Başlamak için, 24 oyuklu plakayı kaplama çözeltisi ile kaplayın ve 37 santigrat derecede iki saat veya gece boyunca oda sıcaklığında inkübe edin. Plakaları iki kez steril suyla yıkayın ve hücreler kaplamaya hazır olana kadar oda sıcaklığında saklayın. Şimdi at jejunumunun bir bölümünü alın ve buz üzerinde soğuk zil çözeltisine yerleştirin.
Jejunumdan 10 santimetrelik bir kısmı çıkarın ve lenfoid olmayan bölgeleri merkeze yerleştirerek anti-mezenterik sınırda açın. Daha sonra kısmı yaklaşık yedi ila yedi santimetrelik bir bölüme kesin ve diseksiyondan önce dokuyu taze zil solüsyonunda iyice durulayın. Şimdi dokuyu silikon elastomer kaplı bir Petri kabına soğuk zil çözeltisinde veya PBS'de, mukozal tarafı yukarı bakacak şekilde mümkün olduğunca gererek sabitleyin.
Kavisli forseps kullanarak, bağırsak villusunu çıkarın ve ardından lamina propria tabakasını yaklaşık beş ila beş santimetre lenfoid olmayan bölgeden çıkarın. Daha sonra, mikrodiseksiyon makasıyla, submukozayı bir köşeden serbest bırakarak bir tabaka halinde çıkarın. Submukozayı iç dairesel kas tabakasından soyarken doğal ayrılmayı gözlemleyin.
Daha sonra toplanan submukozal tabakayı iki ila beş milimetrelik parçalar halinde kıyın. Bunları FBS, kollajenaz, proteaz ve BSA içermeyen beş mililitre orgono içeren 50 mililitrelik konik bir tüpe yerleştirin. Enzimatik sindirim için dokuyu 37 santigrat derecede iki ila üç saat inkübe edin.
İnkübasyondan sonra, enzim etkisini durdurmak için FBS ile 10 mililitre oda sıcaklığında orgono ekleyin. Hücreleri dokudan ayırmak için 10 mililitrelik serolojik bir pipet kullanarak doku karışımını 15 kez yukarı ve aşağı pipetleyin. Daha sonra karışımı oda sıcaklığında üç dakika boyunca 3000 G'de santrifüjleyin.
Daha sonra, süpernatanı atın ve çözeltiyi 10 mililitrelik bir serolojik pipetle 15 kez yukarı ve aşağı pipetleyerek peleti 10 mililitre oda sıcaklığında PBS'de yeniden süspanse edin. Konik tüpü oda sıcaklığında üç dakika boyunca 3000 G'de santrifüjleyin. Süpernatanı attıktan sonra, peleti FBS ile 10 mililitre oda sıcaklığındaki orgono'da 15 kez yukarı ve aşağı pipetleyerek yeniden süspanse edin.

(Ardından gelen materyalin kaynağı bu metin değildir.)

Theorem lemma3p14 (R : realType) (n : point R) (c1 c2 : R) (C1 d : point R) :
  n != (0, 0) -> c1 != c2 ->            (* g1, g2 distinct parallel lines *)
  d != (0, 0) ->                        (* C2 = point at infinity of direction d *)
  dot n d != 0 ->                       (* C2 is not the common point at infinity of g1, g2 *)
  ~ aline n c1 C1 -> ~ aline n c2 C1 -> (* C1 does not lie on g1, g2 *)
  dist_to_aline C1 n c1 != dist_to_aline C1 n c2 ->
  (* (i) *)
  ((exists pl : polyline R, is_polyline n c1 c2 C1 d pl /\
      maximal_polyline n c1 c2 C1 d pl /\ finite_polyline pl) /\
   (forall pl : polyline R, is_polyline n c1 c2 C1 d pl ->
      maximal_polyline n c1 c2 C1 d pl -> finite_polyline pl ->
      exists m : int, (forall k, pl_dom pl k <-> k = m \/ k = m + 1) /\
        line_dir C1 d (pl_V pl m) /\ line_dir C1 d (pl_V pl (m + 1)))) /\
  (* (ii) *)
  (forall pl : polyline R, is_polyline n c1 c2 C1 d pl ->
      maximal_polyline n c1 c2 C1 d pl -> ~ finite_polyline pl ->
      (forall k, pl_dom pl k) /\ ~ closed_polyline pl /\
      ((sides_approach (fun k : nat => pl_V pl k%:Z) (line_dir C1 d) /\
        seq_diverges (fun k : nat => pl_V pl (- k%:Z))) \/
       (sides_approach (fun k : nat => pl_V pl (- k%:Z)) (line_dir C1 d) /\
        seq_diverges (fun k : nat => pl_V pl k%:Z)))).
Proof.
move=> _ c1_neq_c2 _ nd_neq0 /eqP C1_notin_g1 /eqP C1_notin_g2 dist_neq.
have dist_C1_neq : `|level n C1 - c1| != `|level n C1 - c2|.
  by apply: contra_neq dist_neq; rewrite /dist_to_aline => ->.
split; [split|].
- exists (axis_segment n C1 d c1 c2).
  split; first exact: is_polyline_axis_segment.
  by split; [exact: maximal_axis_segment | exists 1%N => k [->|->]].
- exact: maximal_finite_polyline.
- exact: maximal_infinite_polyline.
Qed.
Lemma measurable_good_event (p : R) (d : nat) (x : 'I_d -> int)
    (u : 'I_d -> T -> R) D1 D2 K :
  (forall i, measurable_fun setT (u i)) -> measurable (good_event p x u D1 D2 K).
Proof.
move=> mu; pose G t w := Gset p x (u^~ w) t 1 :|: Gset p x (u^~ w) t (-1).
apply: (@measurable_determined ('I_d + 'I_d)%type (fun w j =>
  match j with
  | inl i => i \in G (lpnorm p x / D1) w
  | inr i => i \in G (lpnorm p x / D2) w
  end)).
  by case=> i /=; under eq_set do rewrite mem_Gunion;
    exact: measurable_preimageT (mu i) (measurable_le_div_powR _ _ _).
move=> w w' same; rewrite /good_event /Gcard /= -!/(G _ w) -!/(G _ w').
have -> : G (lpnorm p x / D1) w' = G (lpnorm p x / D1) w.
  by apply/setP => i; have := same (inl i).
have -> : G (lpnorm p x / D2) w' = G (lpnorm p x / D2) w.
  by apply/setP => i; have := same (inr i).
by [].
Qed.

Lemma measurable_indic_sum_gt (n : nat) (A : 'I_n -> set T) (K : R) :
  (forall i, measurable (A i)) -> measurable [set w | K < \sum_(i < n) \1_(A i) w].
Proof.
move=> mA; apply: (@measurable_determined _ (fun w i => w \in A i)).
  by move=> i; under eq_set do rewrite in_setE; exact: mA.
move=> w w' same; rewrite /=.
suff -> : \sum_(i < n) \1_(A i) w' = \sum_(i < n) \1_(A i) w :> R by [].
by apply: eq_bigr => i _; rewrite !indicE same.
Qed.

End Measurability.

Lemma indic_sum_markov {R : realType} {d0 : measure_display} {T : measurableType d0}
    (mu : {measure set T -> \bar R}) {n : nat} {A : 'I_n -> set T} {K : R} :
  (forall i, measurable (A i)) -> 0 < K ->
  (K%:E * mu [set w | (K < \sum_(i < n) \1_(A i) w)%R] <= \sum_(i < n) mu (A i))%E.
Proof.
move=> mA K0; set W := [set w | _ < _].
have mW : measurable W by exact: measurable_indic_sum_gt.
have -> : (K%:E * mu W = \int[mu]_(w in setT) (K * \1_W w)%:E)%E.
  rewrite (integralZl_indic _ (fun=> W)) // ?integral_indic ?setIT //.
  by move=> /(lt_trans K0); rewrite ltxx.
have -> : (\sum_(i < n) mu (A i) = \int[mu]_(w in setT) (\sum_(i < n) (\1_(A i) w)%:E))%E.
  rewrite ge0_integral_sum //.
  - by apply: eq_bigr => i _; rewrite integral_indic // setIT.
  - by move=> i; apply/measurable_EFinP; exact: measurable_indic.
apply: ge0_le_integral => //.
- by move=> w _; rewrite lee_fin mulr_ge0 // ?indicE ?ler0n // ltW.
- apply/measurable_EFinP/measurable_funM; first exact: measurable_cst.
  exact: measurable_indic.
- by apply: emeasurable_sum => i; apply/measurable_EFinP; exact: measurable_indic.
move=> w _; rewrite sumEFin lee_fin indicE.
have [Ww|Ww] := pselect (W w); first by rewrite mem_set // mulr1 ltW.
by rewrite memNset // mulr0 sumr_ge0 // => i _; rewrite indicE ler0n.
Qed.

Ardından, hücreleri 100 mikrometre, 70 mikrometre ve 40 mikrometre gözenek boyutunda hücre süzgecinden sırayla süzün. Hücreleri santrifüjledikten ve süpernatanı attıktan sonra, peleti FBS ile bir mililitre orgono'da yeniden süspanse edin. Daha sonra canlı hücreleri tanımlamak için hücreleri tripan mavisi ile boyayın ve bunları bir hemositometre kullanarak sayın.

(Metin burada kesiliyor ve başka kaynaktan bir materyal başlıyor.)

(* Let $0<\beta\le\alpha$, let $\hat A=(\hat a[i_1],\dots,\hat a[i_m])$ be an $\alpha$-RS, and let $\theta>0$ satisfy $\hat a[i_1]\le\theta$. Let $i_v$ be the largest index in $\{i_1,\dots,i_m\}$ with $\hat a[i_v]\le\theta$. For an integer $\kappa$ let $H(\kappa)$ denote the largest index $i_u$ with $\hat a[i_u]\le(1+\beta)^{\kappa}$, when such an index exists. Then either $i_v=H(\lceil\log_{1+\beta}\theta\rceil)$ or $i_v=H(\lfloor\log_{1+\beta}\theta\rfloor)$ (the latter being defined in that case).
   Context: An $\alpha$-representative sequence ($\alpha$-RS), for $\alpha\ge 0$, is a finite sequence $\hat A=(\hat a[i_1],\hat a[i_2],\dots,\hat a[i_m])$ of real numbers with associated integer indices $0\le i_1<i_2<\dots<i_m$ such that $\hat a[i_1]\ge 0$ and $\hat a[i_{v+1}]\ge(1+\alpha)\hat a[i_v]$ for all $v\in[1,m-1]$. *)

From Stdlib Require Import Reals Lra Lia ZArith.
Open Scope R_scope.

(* floor and ceiling of a real number. [up x] is the unique integer with
   x < up x <= x + 1, so [up x - 1] is the floor. *)
Definition floorZ (x : R) : Z := (up x - 1)%Z.
Definition ceilZ (x : R) : Z := (- floorZ (- x))%Z.

Definition logb (b x : R) : R := ln x / ln b.

(* A finite sequence with m entries: positions v = 0..m-1 (the paper's
   v = 1..m), integer indices idx v, and values a (idx v) = \hat a[i_{v+1}]. *)
Definition is_alpha_RS (alpha : R) (m : nat) (idx : nat -> nat) (a : nat -> R)
  : Prop :=
  (1 <= m)%nat /\
  (forall v, (v + 1 < m)%nat -> (idx v < idx (v + 1))%nat) /\
  0 <= a (idx 0%nat) /\
  (forall v, (v + 1 < m)%nat -> a (idx (v + 1)%nat) >= (1 + alpha) * a (idx v)).

Definition largest_le (m : nat) (idx : nat -> nat) (a : nat -> R) (t : R)
  (j : nat) : Prop :=
  exists u, (u < m)%nat /\ j = idx u /\ a (idx u) <= t /\
    (forall w, (w < m)%nat -> a (idx w) <= t -> (idx w <= j)%nat).

Definition H_is (beta : R) (m : nat) (idx : nat -> nat) (a : nat -> R)
  (kappa : Z) (j : nat) : Prop :=
  largest_le m idx a (powerRZ (1 + beta) kappa) j.

(* Write b = 1 + beta, f = floor (log_b theta) and c = ceil (log_b theta), so
   that b^f <= theta <= b^c <= b^(f+1).  If \hat a[i_v] <= b^f, then i_v is
   still the largest index below the smaller threshold b^f, so i_v = H(f).
   Otherwise every later entry is at least (1+alpha) \hat a[i_v]
   > b * b^f >= b^c, so raising the threshold from theta to b^c admits no new
   index and i_v = H(c). *)
From Stdlib Require Import Reals ZArith Lra Lia.
Open Scope R_scope.

Lemma floorZ_spec (x : R) : IZR (floorZ x) <= x < IZR (floorZ x) + 1.
Proof.
  unfold floorZ; destruct (archimed x).
  rewrite minus_IZR; simpl; lra.
Qed.

Lemma ceilZ_spec (x : R) : x <= IZR (ceilZ x) < x + 1.
Proof.
  unfold ceilZ; pose proof (floorZ_spec (- x)).
  rewrite opp_IZR; lra.
Qed.

Lemma ceilZ_le_floorZ_succ (x : R) : (ceilZ x <= floorZ x + 1)%Z.
Proof.
  pose proof (floorZ_spec x); pose proof (ceilZ_spec x).
  assert (IZR (ceilZ x) < IZR (floorZ x + 2)) by (rewrite plus_IZR; lra).
  apply lt_IZR in H1; lia.
Qed.

Lemma Rpower_logb (b x : R) : 1 < b -> 0 < x -> Rpower b (logb b x) = x.
Proof.
  intros Hb Hx.
  assert (0 < ln b) by (rewrite <- ln_1; apply ln_increasing; lra).
  unfold Rpower, logb.
  replace (ln x / ln b * ln b) with (ln x) by (field; lra).
  now apply exp_ln.
Qed.

Lemma powerRZ_le_Rpower (b y : R) (z : Z) :
  1 < b -> IZR z <= y -> powerRZ b z <= Rpower b y.
Proof.
  intros Hb Hz; rewrite powerRZ_Rpower by lra; apply Rle_Rpower; lra.
Qed.

Lemma Rpower_le_powerRZ (b y : R) (z : Z) :
  1 < b -> y <= IZR z -> Rpower b y <= powerRZ b z.
Proof.
  intros Hb Hz; rewrite powerRZ_Rpower by lra; apply Rle_Rpower; lra.
Qed.

Lemma powerRZ_le_exponent (b : R) (n p : Z) :
  1 < b -> (n <= p)%Z -> powerRZ b n <= powerRZ b p.
Proof.
  intros Hb Hnp; rewrite (powerRZ_Rpower b n) by lra.
  apply Rpower_le_powerRZ; [lra | now apply IZR_le].
Qed.

Lemma powerRZ_floorZ_logb_le (b x : R) :
  1 < b -> 0 < x -> powerRZ b (floorZ (logb b x)) <= x.
Proof.
  intros Hb Hx; rewrite <- (Rpower_logb b x) at 2 by lra.
  apply powerRZ_le_Rpower; [lra | apply floorZ_spec].
Qed.

Lemma le_powerRZ_ceilZ_logb (b x : R) :
  1 < b -> 0 < x -> x <= powerRZ b (ceilZ (logb b x)).
Proof.
  intros Hb Hx; rewrite <- (Rpower_logb b x) at 1 by lra.
  apply Rpower_le_powerRZ; [lra | apply ceilZ_spec].
Qed.

Lemma powerRZ_ceilZ_le_succ_floorZ (b y : R) :
  1 < b -> powerRZ b (ceilZ y) <= b * powerRZ b (floorZ y).
Proof.
  intros Hb.
  replace (b * powerRZ b (floorZ y)) with (powerRZ b (floorZ y + 1))
    by (rewrite powerRZ_add by lra; simpl; ring).
  apply powerRZ_le_exponent; [lra | apply ceilZ_le_floorZ_succ].
Qed.

Lemma largest_le_lower (m : nat) (idx : nat -> nat) (a : nat -> R)
  (t s : R) (j : nat) :
  largest_le m idx a t j -> s <= t -> a j <= s -> largest_le m idx a s j.
Proof.
  intros [u [Hu [-> [_ Hmax]]]] Hst Hs.
  exists u; repeat split; auto.
  intros w Hw Haw; apply Hmax; auto; lra.
Qed.

Section AlphaRS.

Variables (alpha : R) (m : nat) (idx : nat -> nat) (a : nat -> R).
Hypothesis alpha_ge0 : 0 <= alpha.
Hypothesis RS : is_alpha_RS alpha m idx a.

Lemma rs_idx_le (v w : nat) : (v <= w < m)%nat -> (idx v <= idx w)%nat.
Proof.
  destruct RS as [_ [Hidx _]].
  induction w as [|w IH]; intros Hvw; [replace v with 0%nat by lia; lia|].
  destruct (Nat.eq_dec v (S w)) as [->|Hne]; [lia|].
  specialize (Hidx w ltac:(lia)); rewrite Nat.add_1_r in Hidx.
  specialize (IH ltac:(lia)); lia.
Qed.

Lemma rs_value_ge0 (w : nat) : (w < m)%nat -> 0 <= a (idx w).
Proof.
  destruct RS as [_ [_ [H0 Hgrow]]].
  induction w as [|w IH]; intros Hw; [assumption|].
  specialize (Hgrow w ltac:(lia)); rewrite Nat.add_1_r in Hgrow.
  specialize (IH ltac:(lia)); nra.
Qed.

Lemma rs_value_growth (v w : nat) :
  (v < w < m)%nat -> (1 + alpha) * a (idx v) <= a (idx w).
Proof.
  destruct RS as [_ [_ [_ Hgrow]]].
  induction w as [|w IH]; intros Hvw; [lia|].
  specialize (Hgrow w ltac:(lia)); rewrite Nat.add_1_r in Hgrow.
  destruct (Nat.eq_dec v w) as [->|Hne]; [lra|].
  specialize (IH ltac:(lia)).
  pose proof (rs_value_ge0 w ltac:(lia)); nra.
Qed.

(* No entry lies in [(t, (1 + alpha) a j)], so thresholds in that range
   select the same largest index. *)
Lemma largest_le_upper (t s : R) (j : nat) :
  largest_le m idx a t j -> t <= s -> s < (1 + alpha) * a j ->
  largest_le m idx a s j.
Proof.
  intros [u [Hu [-> [Hau Hmax]]]] Hts Hs.
  exists u; repeat split; auto; [lra|].
  intros w Hw Haw; destruct (le_lt_dec w u) as [Hwu|Huw].
  - now apply rs_idx_le.
  - pose proof (rs_value_growth u w ltac:(lia)); lra.
Qed.

End AlphaRS.

Theorem lemma3 (alpha beta theta : R) (m : nat) (idx : nat -> nat)
  (a : nat -> R) (iv : nat) :
  0 < beta -> beta <= alpha ->
  is_alpha_RS alpha m idx a ->
  0 < theta -> a (idx 0%nat) <= theta ->
  largest_le m idx a theta iv ->
  H_is beta m idx a (ceilZ (logb (1 + beta) theta)) iv \/
  H_is beta m idx a (floorZ (logb (1 + beta) theta)) iv.
Proof.
  (* [a (idx 0) <= theta] only guarantees that [iv] exists, which [Hiv]
     already asserts. *)
  intros Hbeta Hba RS Htheta _ Hiv; unfold H_is.
  set (b := 1 + beta); set (L := logb b theta).
  assert (Hb : 1 < b) by (unfold b; lra).
  pose proof (powerRZ_floorZ_logb_le b theta Hb Htheta) as Hfloor.
  pose proof (le_powerRZ_ceilZ_logb b theta Hb Htheta) as Hceil.
  pose proof (powerRZ_ceilZ_le_succ_floorZ b L Hb) as Hsucc.
  destruct (Rle_dec (a iv) (powerRZ b (floorZ L))) as [Hle|Hgt].
  - right; exact (largest_le_lower _ _ _ _ _ _ Hiv Hfloor Hle).
  - left; apply (largest_le_upper alpha) with theta; auto; [lra|].
    destruct Hiv as [u [Hu [-> _]]].
    pose proof (rs_value_ge0 alpha m idx a ltac:(lra) RS u Hu).
    unfold b in *; nra.
Qed.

Şimdi 24 oyuklu bir plakanın her bir oyuğunda FBS ile 300 mikrolitre orgono'da yaklaşık 400.000 hücre tohumlayın. Her kuyucuğa beş mikrolitre N2, beş mikrolitre G5 ve 10 mikrolitre B27 ekleyin. Hücrenin yapışmasını sağlamak için plakayı %5 karbondioksit içeren 37 derecelik bir inkübatöre yerleştirin.

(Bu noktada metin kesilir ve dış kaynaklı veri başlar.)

(* The gap g > del comes from
   finiteness; for k large enough word_count gives
   N^k <= C^m lam^(k m) < lam^(k (m + 1)). *)
Lemma packing m N (y : 'I_N -> vec m) r del :
  0 < r -> 0 < del -> (forall i, enorm (y i) <= r) ->
  (forall i j, i <> j -> del < enorm (vsub (y i) (y j))) ->
  INR N < ratio r del ^ m.+1.
Proof.
move=> hr hdel hy hsep.
(* Diagonal pairs get a dummy distance above del. *)
pose dist (p : 'I_N * 'I_N) := if p.1 == p.2 then del + 1 else enorm (vsub (y p.1) (y p.2)).
have [g [hg Hg]] : exists g, del < g /\ forall p, g <= dist p.
  apply: finite_gap => -[i j]; rewrite /dist /=.
  by case: eqVneq => [_ | Hij]; [lra | exact: hsep (elimN eqP Hij)].
have gsep i j : i <> j -> g <= enorm (vsub (y i) (y j)).
  by move=> Hij; have := Hg (i, j); rewrite /dist /=; case: eqVneq.
set lam := ratio r del; have lam1 : 1 < lam := ratio_gt1 hr hdel.
set C := del * (INR m + 1) / (g - del) + 2.
have [k Hk] : exists k, C ^ m < lam ^ k.
  have lam_abs : Rabs lam > 1 by rewrite Rabs_pos_eq; lra.
  have [k Hk] := Pow_x_infinity lam lam_abs (C ^ m + 1).
  by exists k; move: (Hk k (le_n k)); rewrite Rabs_pos_eq; [lra | apply: pow_le; lra].
have count := word_count hr hdel hg hy gsep k; rewrite Rpow_mult_distr -/lam -/C in count.
apply: Rnot_le_lt => HN.
have : (lam ^ m.+1) ^ k <= INR N ^ k by apply: pow_incr; split; [apply: pow_le; lra | exact: HN].
rewrite -!pow_mult Nat.mul_comm pow_mult /=.
have : 0 < (lam ^ k) ^ m by apply: pow_lt; apply: pow_lt; lra.
nra.
Qed.

(* Orthogonal projection onto the span of an orthogonal family w_1..w_m of
   R^d, computed through the normalized directions e_j (e_j = 0 if w_j = 0);
   coords x lists the coordinates of that projection, an isometric copy in R^m. *)
Section Projection.
Variables (d m : nat) (w : 'I_m -> vec d).
Hypothesis w_orth : forall j j', j <> j' -> dot (w j) (w j') = 0.

Definition dir (j : 'I_m) : vec d := vscal (/ sqrt (dot (w j) (w j))) (w j).
Definition coords (x : vec d) : vec m := fun j => dot x (dir j).
Definition proj (x : vec d) : vec d :=
  fun i => \big[Rplus/0]_(j < m) (dot x (dir j) * dir j i).

Lemma dir_orth j j' : j <> j' -> dot (dir j) (dir j') = 0.
Proof.
move=> Hjj; have w0 : dot (w j') (w j) = 0 by apply: w_orth => E; apply: Hjj.
by rewrite /dir dot_scall dot_comm dot_scall w0 !Rmult_0_r.
Qed.

(* Each direction is a unit vector or zero; either way this identity holds. *)
Lemma dir_idem x j : dot x (dir j) * dot (dir j) (dir j) = dot x (dir j).
Proof.
have [w_pos|w0] : 0 < dot (w j) (w j) \/ 0 = dot (w j) (w j) by have := dot_ge0 (w j); lra.
- have -> : dot (dir j) (dir j) = 1.
    have s_pos := sqrt_lt_R0 _ w_pos; have ss := sqrt_sqrt _ (Rlt_le _ _ w_pos).
    rewrite /dir dot_scall dot_comm dot_scall.
    by move: s_pos ss; set s := sqrt _ => s_pos <-; field; lra.
  ring.
- have dir0 i : dir j i = 0 by rewrite /dir /vscal (dot_eq0 (esym w0)) Rmult_0_r.
  by rewrite /dot big1 ?Rmult_0_l // => i _; rewrite dir0 Rmult_0_r.
Qed.

(* w_j is a multiple of its direction, so orthogonality to dir j gives
   orthogonality to w j. *)
Lemma w_dir j : w j = vscal (sqrt (dot (w j) (w j))) (dir j).
Proof.
apply: functional_extensionality => i; rewrite /dir /vscal.
have [w_pos|w0] : 0 < dot (w j) (w j) \/ 0 = dot (w j) (w j) by have := dot_ge0 (w j); lra.
- by field; apply: Rgt_not_eq; apply: sqrt_lt_R0.
- by rewrite (dot_eq0 (esym w0)) !Rmult_0_r.
Qed.

Lemma dot_proj x z :
  dot (proj x) z = \big[Rplus/0]_(j < m) (dot x (dir j) * dot (dir j) z).
Proof.
rewrite {1}/dot /proj.
under eq_bigr => i _ do rewrite Rmult_comm -sum_scal.
rewrite exchange_big /=; apply: eq_bigr => j _.
by rewrite /dot -sum_scal; apply: eq_bigr => i _ /=; ring.
Qed.

Lemma proj_dir x l : dot (proj x) (dir l) = dot x (dir l).
Proof.
rewrite dot_proj (@sum_single _ _ l); first exact: dir_idem.
by move=> j /eqP Hjl; rewrite dir_orth ?Rmult_0_r.
Qed.

Lemma residual_orth x l : dot (vsub x (proj x)) (w l) = 0.
Proof. by rewrite dot_comm w_dir dot_scall dot_comm dot_subl proj_dir; ring. Qed.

İlk geçitten gelen hücreler% 70 ila 80 birleşmeye ulaştığında, kuyucukları 24 saat boyunca sıfır, 10 ve 25 nanogram interlökin-1 betaya maruz bırakın. Kültürlerde enterik glial morfoloji ile uyumlu iğ şeklindeki hücreler, pleomorfizm ve diğer hücre tiplerinden minimum kontaminasyon ile gözlendi.